DNA Lounge SF is a very cool place and has excellent pizza and we pray it stays open
The DNA on weekends shows that Club 181 people, even when deprived of Club 181, will nevertheless find the Club 181 within themselves and go on Club 181-ing. Collared shirts in muted hues for the boys; small clothing, any kind of small clothing, for the girls. The cover bands Grooveline and the M-80s play on Friday and Saturday nights respectively, and it’s actually the same band in different clothes.
Sadly, we arrive too late this past Saturday to see our favorite Mister Mister number brought to life, but thankfully, we’re just in time to catch a glimpse of a cowboy-preppie layering himself with a slim brunette on the crowded stage during a techno version of “We Are Family.” Her legs wrapped around his waist, her arms encircling his neck, she swoops toward the floor in clumsy circles. He almost drops her more than once and then, getting a better grip, accidentally lifts her skirt to expose her butt-flossed hiney to the crowd. She doesn’t care, tra la la. She’s wild and free and it’s Saturday night.

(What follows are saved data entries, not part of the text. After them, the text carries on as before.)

Lemma cart_color_layer_edge (E : Edge e) j : cart_color (layer_edge E j) = c E.
Proof.
have [u [v [euv defE]]] := edgeP E.
have ce_uv : ce (u, j) (v, j) by rewrite /cart_Kn /= eqxx euv orbT.
have neq_uv : u != v by apply: contraTneq euv => ->; rewrite e_irr.
rewrite /cart_color /= defE imsetU1 imset_set1 cart_color_set2 //= (negbTE neq_uv).
by rewrite -defE base_color_val.
Qed.

Definition layer_poly (t : nat) (i : 'I_n) : {poly R} :=
  layer_weight i ^+ t *: ('X - (layer_weight i)%:P) ^+ t.

Lemma layer_polyE t i y :
  (layer_poly t i).[y] = (layer_weight i * (y - layer_weight i)) ^+ t.
Proof. by rewrite /layer_poly hornerZ horner_exp hornerXsubC exprMn. Qed.

Lemma size_layer_poly t i : (size (layer_poly t i) <= t.+1)%N.
Proof. by rewrite (leq_trans (size_scale_leq _ _)) // size_exp_XsubC. Qed.

Definition lift_poly (P : V -> {poly R}) (t : nat) (z : V * 'I_n) : {poly R} :=
  P z.1 * layer_poly t z.2.

Lemma lift_poly_agrees P t :
  agrees_on_edges c P -> agrees_on_edges cart_color (lift_poly P t).
Proof.
move=> P_agrees A z z' zA; have [x [zx defA]] := edge_through cart_Kn_sym zA.
rewrite defA => /set2P [-> // | ->]; rewrite /cart_color defA cart_color_set2 //.
rewrite /lift_poly !hornerM !layer_polyE; case: (eqVneq z.1 x.1) => [zx1 | nzx1].
  by rewrite zx1; congr (_ * _ ^+ _); ring.
have [zx2 ezx] := cart_Kn_horizontal zx nzx1.
rewrite (base_color_val (edge_of ezx)) zx2.
by rewrite (P_agrees (edge_of ezx) _ _ (set21 _ _) (set22 _ _)).
Qed.
Lemma sum_cos_mul_eq0 (n d : nat) : (0 < d < n)%N ->
  \sum_(j < n) cos (j%:R * d%:R * (2 * pi / n%:R)) = 0 :> R.
Proof.
case/andP=> d_gt0 d_lt_n.
have n_neq0 : (n%:R : R) != 0 by rewrite pnatr_eq0 -lt0n (leq_ltn_trans _ d_lt_n).
set h : R := d%:R * pi / n%:R.
have sin_h_gt0 : 0 < sin h.
  apply: sin_gt0_pi; apply/andP; split.
    by rewrite /h divr_gt0 ?mulr_gt0 ?pi_gt0 ?ltr0n // (leq_ltn_trans _ d_lt_n).
  rewrite /h ltr_pdivrMr ?ltr0n ?(leq_ltn_trans _ d_lt_n) //.
  by rewrite mulrC ltr_pM2l ?pi_gt0 // ltr_nat.
have telescoping (j : nat) : 2 * sin h * cos (j%:R * d%:R * (2 * pi / n%:R))
    = sin ((2 * j.+1%:R - 1) * h) - sin ((2 * j%:R - 1) * h).
  have -> : j%:R * d%:R * (2 * pi / n%:R) = 2 * j%:R * h by rewrite /h; ring.
  have -> : (2 * j.+1%:R - 1) * h = 2 * j%:R * h + h by rewrite -natr1; ring.
  have -> : (2 * j%:R - 1) * h = 2 * j%:R * h - h by ring.
  rewrite sinD sinB; ring.
have : 2 * sin h * \sum_(j < n) cos (j%:R * d%:R * (2 * pi / n%:R)) = 0.
  rewrite mulr_sumr; under eq_bigr do rewrite telescoping.
  rewrite -(big_mkord xpredT (fun j => sin ((2 * j.+1%:R - 1) * h)
                                     - sin ((2 * j%:R - 1) * h))).
  rewrite (telescope_sumr (fun j : nat => sin ((2 * j%:R - 1) * h))) //.
  have -> : (2 * n%:R - 1) * h = - h + (pi *+ 2) *+ d.
    by rewrite /h -[(pi *+ 2) *+ d]mulr_natr -[pi *+ 2]mulr_natr; field.
  by rewrite (periodicn (@sinD2pi R)) mulr0 add0r mulN1r subrr.
by move/eqP; rewrite !mulf_eq0 (gt_eqF sin_h_gt0) pnatr_eq0 orbF => /eqP.
Qed.

Lemma sum_cos_mul_sub (n a b : nat) : (a < n)%N -> (b < n)%N ->
  \sum_(j < n) cos (j%:R * (a%:R - b%:R) * (2 * pi / n%:R))
    = (a == b)%:R * n%:R :> R.
Proof.
move=> a_lt_n b_lt_n; case: ltngtP => [a_lt_b|b_lt_a|->].
- under eq_bigr do rewrite -opprB -natrB ?(ltnW a_lt_b) // mulrN mulNr cosN.
  by rewrite mul0r; apply: sum_cos_mul_eq0; lia.
- under eq_bigr do rewrite -natrB ?(ltnW b_lt_a) //.
  by rewrite mul0r; apply: sum_cos_mul_eq0; lia.
- under eq_bigr do rewrite subrr mulr0 mul0r cos0.
  by rewrite sumr_const card_ord mul1r.
Qed.

Lemma sqr_sum_cos_add_sqr_sum_sin (I : finType) (y t : I -> R) :
  (\sum_i y i * cos (t i)) ^+ 2 + (\sum_i y i * sin (t i)) ^+ 2
    = \sum_i \sum_l y i * y l * cos (t i - t l).
Proof.
rewrite !expr2 !mulr_suml -big_split; apply: eq_bigr => i _ /=.
rewrite !mulr_sumr -big_split; apply: eq_bigr => l _ /=.
by rewrite cosB; ring.
Qed.

Definition pathM (c : R) (i l : nat) : R :=
  (i == l)%:R * (2 * c) - ((i.+1 == l)%:R + (l.+1 == i)%:R).

Definition pathQ (c : R) {k : nat} (y : 'I_k -> R) : R :=
  \sum_(i < k) \sum_(l < k) y i * pathM c i l * y l.

Lemma pathQ_fourier (k : nat) (y : 'I_k -> R) :
  \sum_(j < k.+1) (cos (2 * pi / k.+1%:R) - cos (j%:R * (2 * pi / k.+1%:R))) *
    ((\sum_(i < k) y i * cos (j%:R * i%:R * (2 * pi / k.+1%:R))) ^+ 2
     + (\sum_(i < k) y i * sin (j%:R * i%:R * (2 * pi / k.+1%:R))) ^+ 2)
  = k.+1%:R / 2 * pathQ (cos (2 * pi / k.+1%:R)) y.
Proof.
set w := 2 * pi / k.+1%:R.
have expand (j : nat) : (cos w - cos (j%:R * w)) *
    ((\sum_(i < k) y i * cos (j%:R * i%:R * w)) ^+ 2
     + (\sum_(i < k) y i * sin (j%:R * i%:R * w)) ^+ 2)
  = \sum_(i < k) \sum_(l < k) y i * y l *
      (cos w * cos (j%:R * (i%:R - l%:R) * w)
       - (cos (j%:R * (i.+1%:R - l%:R) * w) + cos (j%:R * (i%:R - l.+1%:R) * w)) / 2).
  rewrite sqr_sum_cos_add_sqr_sum_sin mulr_sumr; apply: eq_bigr => i _.
  rewrite mulr_sumr; apply: eq_bigr => l _; rewrite -[i.+1%:R]natr1 -[l.+1%:R]natr1.
  have -> : j%:R * (i%:R + 1 - l%:R) * w
    = j%:R * i%:R * w - j%:R * l%:R * w + j%:R * w by ring.
  have -> : j%:R * (i%:R - (l%:R + 1)) * w
    = j%:R * i%:R * w - j%:R * l%:R * w - j%:R * w by ring.
  have -> : j%:R * (i%:R - l%:R) * w = j%:R * i%:R * w - j%:R * l%:R * w by ring.
  set u := j%:R * i%:R * w - j%:R * l%:R * w; set s := j%:R * w.
  have -> : cos (u + s) + cos (u - s) = 2 * cos u * cos s.
    by rewrite (cosD u s) (cosB u s); ring.
  by field.
under eq_bigr do rewrite expand.
rewrite exchange_big /pathQ mulr_sumr; apply: eq_bigr => i _ /=.
rewrite exchange_big mulr_sumr; apply: eq_bigr => l _ /=.
have i_lt : (i < k.+1)%N := ltnW (ltn_ord i).
have l_lt : (l < k.+1)%N := ltnW (ltn_ord l).
rewrite -mulr_sumr sumrB -mulr_sumr -mulr_suml big_split /=.
rewrite !sum_cos_mul_sub ?ltnS // [(i : nat) == l.+1]eq_sym /pathM.
by do 3 case: eqP => _; field.
Qed.
Lemma binomED k F G : binomE k (fun c => F c + G c) = binomE k F + binomE k G.
Proof. by rewrite -big_split; apply: eq_bigr => i _; rewrite mulrDr. Qed.

Lemma binomEZ k a F : binomE k (fun c => a * F c) = a * binomE k F.
Proof. by rewrite mulr_sumr; apply: eq_bigr => i _; rewrite mulrCA. Qed.

Lemma binomE_cst k a : binomE k (fun _ => a) = a.
Proof.
elim: k => [|k IH]; first exact: binomE0.
by rewrite binomES (@eq_binomE _ _ (fun _ => a)) // => c; ring.
Qed.

Lemma binomE_id k : binomE k (fun c => c%:R) = k%:R * p.
Proof.
elim: k => [|k IH]; first by rewrite binomE0 mul0r.
rewrite binomES (@eq_binomE _ _ (fun c => c%:R + p)) => [|c].
  by rewrite binomED IH binomE_cst -natr1; ring.
by rewrite -natr1; ring.
Qed.

Lemma binomE_sqr k :
  binomE k (fun c => c%:R ^+ 2) = k%:R * p * (1 - p) + (k%:R * p) ^+ 2.
Proof.
elim: k => [|k IH]; first by rewrite binomE0 !mul0r expr0n add0r.
rewrite binomES
  (@eq_binomE _ _ (fun c => c%:R ^+ 2 + 2 * p * c%:R + p)) => [|c].
  by rewrite !binomED binomEZ IH binomE_id binomE_cst -natr1; ring.
by rewrite -natr1; ring.
Qed.

Lemma binomE_sign k : binomE k (fun c => (-1) ^+ c) = (1 - 2 * p) ^+ k.
Proof.
elim: k => [|k IH]; first by rewrite binomE0.
rewrite binomES (@eq_binomE _ _ (fun c => (1 - 2 * p) * (-1) ^+ c)) => [|c].
  by rewrite binomEZ IH exprS.
by rewrite exprS; ring.
Qed.

Lemma binomE_id_sign k :
  binomE k.+1 (fun c => c%:R * (-1) ^+ c) = - k.+1%:R * p * (1 - 2 * p) ^+ k.
Proof.
elim: k => [|k IH]; first by rewrite binomES binomE0; ring.
rewrite binomES (@eq_binomE _ _
  (fun c => (1 - 2 * p) * (c%:R * (-1) ^+ c) + (- p) * (-1) ^+ c)) => [|c].
  by rewrite binomED !binomEZ IH binomE_sign -(@natr1 _ k.+1) exprS; ring.
by rewrite exprS -natr1; ring.
Qed.

End BinomialExpectation.

Section TokenVariance.
Variable R : numFieldType.

Lemma half_add2E c :
  ((c./2 + 2)%:R : R) = 2^-1 * c%:R + 7 / 4 + 4^-1 * (-1) ^+ c.
Proof.
rewrite natrD -signr_odd -[in c%:R](odd_double_half c) natrD -muln2 natrM.
by case: (odd c) => /=; field.
Qed.

Lemma half_add2_sqrE c : ((c./2 + 2)%:R : R) ^+ 2 =
  4^-1 * c%:R ^+ 2 + 7 / 4 * c%:R + 25 / 8
  + (4^-1 * (c%:R * (-1) ^+ c) + 7 / 8 * (-1) ^+ c).
Proof.
rewrite natrD -signr_odd -![in c%:R](odd_double_half c) natrD -muln2 natrM.
by case: (odd c) => /=; field.
Qed.

Lemma binomE_var_half_add2 (p : R) m :
  binomE p m.+1 (fun c => (c./2 + 2)%:R ^+ 2)
    - binomE p m.+1 (fun c => (c./2 + 2)%:R) ^+ 2 =
  m.+1%:R * p * (1 - p) / 4 - m.+1%:R * p * (1 - p) * (1 - 2 * p) ^+ m / 2
  + (1 - (1 - 2 * p) ^+ (2 * m.+1)) / 16.
Proof.
rewrite (eq_binomE _ _ half_add2_sqrE) (eq_binomE _ _ half_add2E).
rewrite !binomED !binomEZ !binomE_cst.
rewrite binomE_sqr binomE_id binomE_sign binomE_id_sign.
by rewrite mulnC exprM !exprS; field.
Qed.

End TokenVariance.

Lemma sum_tuple_cons (T : finType) (V : nmodType) k (G : k.+1.-tuple T -> V) :
  \sum_(s : k.+1.-tuple T) G s
  = \sum_(t : k.-tuple T) \sum_(x : T) G [tuple of x :: t].
Proof.
rewrite (reindex (fun xt : T * k.-tuple T => [tuple of xt.1 :: xt.2])) /=.
  rewrite -(pair_bigA _ (fun (x : T) (t : k.-tuple T) => G [tuple of x :: t])).
  exact: exchange_big.
exists (fun s : k.+1.-tuple T => (thead s, [tuple of behead s])).
  by move=> [x t] _; congr pair; apply: val_inj.
by move=> s _; rewrite [in RHS](tuple_eta s).
Qed.

Lemma eq_Expect sigma n (X Y : n.-tuple 'I_sigma -> rat) :
  X =1 Y -> Expect X = Expect Y.
Proof. by move=> eqXY; rewrite /Expect (eq_bigr _ (fun s _ => eqXY s)). Qed.

Lemma Expect_cst sigma n (a : rat) : (0 < sigma)%N ->
  Expect (fun _ : n.-tuple 'I_sigma => a) = a.
Proof.
move=> sigma_gt0; rewrite /Expect sumr_const !card_tuple card_ord.
rewrite -[a *+ _]mulr_natr mulfK //.
by rewrite pnatr_eq0 -lt0n expn_gt0 sigma_gt0.
Qed.

Lemma Expect_tuple_cons sigma k (X : k.+1.-tuple 'I_sigma -> rat) :
  Expect X = Expect (fun t : k.-tuple 'I_sigma =>
                       sigma%:R^-1 * \sum_(x : 'I_sigma) X [tuple of x :: t]).
Proof.
rewrite /Expect sum_tuple_cons -mulr_sumr !card_tuple card_ord.
by rewrite expnS natrM invfM mulrCA mulrA.
Qed.

Lemma sum_neq_addn (T : finType) (V : nmodType) (x0 : T) (G : nat -> V) c :
  \sum_(x : T) G ((x != x0) + c)%N = G c + G c.+1 *+ #|T|.-1.
Proof.
rewrite (bigD1 x0) //= eqxx add0n; congr (_ + _).
by rewrite (eq_bigr (fun _ => G c.+1)) ?sumr_const ?cardC1 // => x /negbTE ->.
Qed.

Lemma Expect_nchanges sigma k F : (0 < sigma)%N ->
  Expect (fun s : k.+1.-tuple 'I_sigma => F (nchanges (map val s)))
  = binomE ((sigma%:R - 1) / sigma%:R) k F.
Proof.
move=> sigma_gt0; elim: k F => [|k IH] F.
  rewrite binomE0 -(Expect_cst 1 (F 0%N) sigma_gt0).
  by apply: eq_Expect => -[[|x [|]]].
rewrite binomES -IH Expect_tuple_cons; apply: eq_Expect => t.
rewrite (eq_bigr (fun x : 'I_sigma =>
                   F ((x != thead t) + nchanges (map val t))%N)).
  rewrite sum_neq_addn card_ord -[_ *+ sigma.-1]mulr_natl -subn1 natrB //.
  have sigma_neq0 : sigma%:R != 0 :> rat by rewrite pnatr_eq0 -lt0n.
  by field.
by move=> x _; case: t => -[|y w] sz.
Qed.

Lemma Expect_ntokens sigma n (G : nat -> rat) : (0 < sigma)%N ->
  Expect (fun s : n.+1.-tuple 'I_sigma => G (ntokens s))
  = binomE ((sigma%:R - 1) / sigma%:R) n (fun c => G (c./2 + 2)%N).
Proof.
move=> sigma_gt0; rewrite -Expect_nchanges //.
by apply: eq_Expect => s; rewrite ntokensE.
Qed.

Lemma var_kE sigma m : (0 < sigma)%N ->
  let p : rat := (sigma%:R - 1) / sigma%:R in
  let q : rat := (2 - sigma%:R) / sigma%:R in
  var_k sigma m.+2 = m.+1%:R * p * (1 - p) / 4
    - m.+1%:R * p * (1 - p) * q ^+ m / 2 + (1 - q ^+ (2 * m.+1)) / 16.
Proof.
move=> sigma_gt0 p q.
rewrite /var_k /Var (@Expect_ntokens _ _ (fun k => k%:R ^+ 2)) //.
rewrite (@Expect_ntokens _ _ (fun k => k%:R)) // binomE_var_half_add2.
suff -> : 1 - 2 * p = q by [].
by rewrite /p /q; field; rewrite pnatr_eq0 -lt0n.
Qed.

Lemma natr_mul_expr_le1 (R : realFieldType) (r : R) k : 0 <= r -> r <= 1 ->
  k.+1%:R * r ^+ k * (1 - r) <= 1.
Proof.
move=> r_ge0 r_le1.
suff : k.+1%:R * r ^+ k * (1 - r) <= 1 - r ^+ k.+1.
  by have := exprn_ge0 k.+1 r_ge0; lra.
elim: k => [|k IH]; first by rewrite expr0 expr1 mulr1 mul1r.
have rk_ge0 : 0 <= r ^+ k by rewrite exprn_ge0.
have rk_le1 : r ^+ k <= 1 by rewrite exprn_ile1.
have k_ge0 : 0 <= k%:R :> R by rewrite ler0n.
move: IH; rewrite !exprS -!natr1 => IH.
have := ler_wpM2l r_ge0 IH.
have : 0 <= (1 - r) * (1 - r * r ^+ k) by apply: mulr_ge0; nra.
nra.
Qed.

Lemma norm_natr_mul_sqr_expr_le2 (R : realFieldType) (q : R) k : `|q| <= 1 ->
  `|k.+1%:R * (1 - q ^+ 2) * q ^+ k| <= 2.
Proof.
move=> q_le1; have q_ge0 := normr_ge0 q.
have bound := natr_mul_expr_le1 k q_ge0 q_le1.
have sqr_q : q ^+ 2 = `|q| ^+ 2 by rewrite real_normK ?num_real.
rewrite !normrM normrX sqr_q normr_nat.
rewrite [`|1 - _|]ger0_norm ?subr_ge0 ?exprn_ile1 //.
have -> : k.+1%:R * (1 - `|q| ^+ 2) * `|q| ^+ k
          = k.+1%:R * `|q| ^+ k * (1 - `|q|) * (1 + `|q|) by ring.
have : 0 <= k.+1%:R * `|q| ^+ k * (1 - `|q|).
  by rewrite !mulr_ge0 ?ler0n ?exprn_ge0 ?subr_ge0.
nra.
Qed.

Lemma var_k_sub_linear_le1 sigma m : (2 <= sigma)%N ->
  `|var_k sigma m.+2 - m.+1%:R * (sigma%:R - 1) / (4 * sigma%:R ^+ 2)| <= 1.
Proof.
move=> sigma_ge2; rewrite var_kE ?(leq_trans _ sigma_ge2) //=.
have sigma_ge2R : 2 <= sigma%:R :> rat by rewrite (ler_nat _ 2).
set p : rat := (sigma%:R - 1) / sigma%:R.
set q : rat := (2 - sigma%:R) / sigma%:R.
have -> : m.+1%:R * (sigma%:R - 1) / (4 * sigma%:R ^+ 2)
          = m.+1%:R * p * (1 - p) / 4.
  by rewrite /p; field; lra.
have pq : p * (1 - p) = (1 - q ^+ 2) / 4 by rewrite /p /q; field; lra.
rewrite -(mulrA _ p) pq.
have q_le1 : `|q| <= 1.
  rewrite normrM normfV ler0_norm ?ger0_norm; [|lra|lra].
  by rewrite ler_pdivrMr; lra.
have q2_le1 : q ^+ 2 <= 1 by rewrite -real_normK ?num_real // exprn_ile1.
have : 0 <= q ^+ (2 * m.+1) <= 1.
  by rewrite exprM exprn_ge0 ?sqr_ge0 // exprn_ile1 ?sqr_ge0.
have := norm_natr_mul_sqr_expr_le2 m q_le1.
by rewrite !ler_norml; lra.
Qed.

Theorem corollaryA1 (sigma : nat) (Hsigma : (2 <= sigma)%N) :
  (forall n : nat, (2 <= n)%N ->
     let p : rat := (sigma%:R - 1) / sigma%:R in
     let m : nat := (n - 1)%N in
     let q : rat := (2 - sigma%:R) / sigma%:R in
     var_k sigma n =
       m%:R * p * (1 - p) / 4 - m%:R * p * (1 - p) * q ^+ (m - 1)%N / 2
       + (1 - q ^+ (2 * m)%N) / 16)
  /\ var_k sigma 2 = 0
  /\ (exists C : rat, forall n : nat, (2 <= n)%N ->
        `|var_k sigma n - (n - 1)%:R * (sigma%:R - 1) / (4 * sigma%:R ^+ 2)| <= C).
Proof.
have sigma_gt0 : (0 < sigma)%N by apply: leq_trans Hsigma.
split; first by case=> [|[|m]] // _; rewrite /= !subn1 /=; exact: var_kE.
split; first by rewrite var_kE //=; field; rewrite pnatr_eq0 -lt0n.
by exists 1; case=> [|[|m]] // _; apply: var_k_sub_linear_le1.
Qed.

As we hastily make our way upstairs to Spencer’s Martini Lounge, located in the small VIP room of the DNA, an anachronistic woman in perfect curls and cigarette pants hightails it past us and in the door. The contrast between upstairs and downstairs is profound — low, fabric-covered ceilings, mellow red lanterns, gilded mirrors, and handsome couples elegantly lindy hopping in perfect rhythm. There’s a “rumble” during “Sing Sing Sing” during which several of the most skilled dancers square off.
We leave heaven (unfortunately, the only exit is back downstairs in hell). “I don’t care if you kick them out, just get them the fuck away from my bar,” we overhear one of the tattooed, out-of-place bartenders tell an equally bruising bouncer near the exit. The staggering, slurring “them” in question do not go quietly, and one throws an empty pint glass at the bartender with such force that it sounds like a gunshot when it hits. The barkeep, unfazed, pours another drink as guards wrestle out the drunk. Throw that funky pint glass, white boy.